** What this task involves **
Go through the lines below and transcribe each one exactly.

(The records)

Lemma compgKV (g h : mor G) : src h = src g -> comp (comp h (inv g)) g = h.
Proof.
move=> E; rewrite -Defs.compA ?comp_invl -?E ?comp_idmr ?tgt_inv //.
by rewrite src_inv.
Qed.

Lemma compgK (g k : mor G) : src k = tgt g -> comp (comp k g) (inv g) = k.
Proof. by move=> E; rewrite -Defs.compA ?comp_invr -?E ?comp_idmr ?tgt_inv. Qed.

Lemma compKg (g h : mor G) : tgt h = src g -> comp (inv g) (comp g h) = h.
Proof. by move=> E; rewrite Defs.compA ?comp_invl -?E ?comp_idml ?src_inv. Qed.

Lemma compKVg (g k : mor G) : tgt k = tgt g -> comp g (comp (inv g) k) = k.
Proof.
by move=> E; rewrite Defs.compA ?comp_invr -?E ?comp_idml ?tgt_inv ?src_inv.
Qed.

End GroupoidCancel.

Section GlobalAction.
Variables (G : groupoid) (A : nzRingType).
Variables (one_ : obj G -> A) (alpha : mor G -> A -> A).
Hypothesis act : unital_global_action one_ alpha.
Notation inA := (inA one_).
Notation ev := (sk_eval one_).
Notation mul := (sk_mul one_ alpha).
Notation full := (@full_pred G).

Lemma inA_mul_one e a : inA e (a * one_ e).
Proof. by rewrite /Defs.inA -mulrA (one_idem act). Qed.

Lemma inA_sum e (I : Type) (r : seq I) (Q : pred I) (F : I -> A) :
  (forall i, Q i -> inA e (F i)) -> inA e (\sum_(i <- r | Q i) F i).
Proof.
move=> inF; elim/big_ind: _ => //; first by rewrite /Defs.inA mul0r.
by move=> a b; rewrite /Defs.inA mulrDl => -> ->.
Qed.

Lemma alpha_inA g a : inA (src g) a -> inA (tgt g) (alpha g a).
Proof. by case: (alpha_iso act g) => h _ _ _ _; apply: h. Qed.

(End The records)

** Problem solution **
Lemma compgKV (g h : mor G) : src h = src g -> comp (comp h (inv g)) g = h.
Proof.
move=> E; rewrite -Defs.compA ?comp_invl -?E ?comp_idmr ?tgt_inv //.
by rewrite src_inv.
Qed.

Lemma compgK (g k : mor G) : src k = tgt g -> comp (comp k g) (inv g) = k.
Proof. by move=> E; rewrite -Defs.compA ?comp_invr -?E ?comp_idmr ?tgt_inv. Qed.

Lemma compKg (g h : mor G) : tgt h = src g -> comp (inv g) (comp g h) = h.
Proof. by move=> E; rewrite Defs.compA ?comp_invl -?E ?comp_idml ?src_inv. Qed.

Lemma compKVg (g k : mor G) : tgt k = tgt g -> comp g (comp (inv g) k) = k.
Proof.
by move=> E; rewrite Defs.compA ?comp_invr -?E ?comp_idml ?tgt_inv ?src_inv.
Qed.

End GroupoidCancel.

Section GlobalAction.
Variables (G : groupoid) (A : nzRingType).
Variables (one_ : obj G -> A) (alpha : mor G -> A -> A).
Hypothesis act : unital_global_action one_ alpha.
Notation inA := (inA one_).
Notation ev := (sk_eval one_).
Notation mul := (sk_mul one_ alpha).
Notation full := (@full_pred G).

Lemma inA_mul_one e a : inA e (a * one_ e).
Proof. by rewrite /Defs.inA -mulrA (one_idem act). Qed.

Lemma inA_sum e (I : Type) (r : seq I) (Q : pred I) (F : I -> A) :
  (forall i, Q i -> inA e (F i)) -> inA e (\sum_(i <- r | Q i) F i).
Proof.
move=> inF; elim/big_ind: _ => //; first by rewrite /Defs.inA mul0r.
by move=> a b; rewrite /Defs.inA mulrDl => -> ->.
Qed.

Lemma alpha_inA g a : inA (src g) a -> inA (tgt g) (alpha g a).
Proof. by case: (alpha_iso act g) => h _ _ _ _; apply: h. Qed.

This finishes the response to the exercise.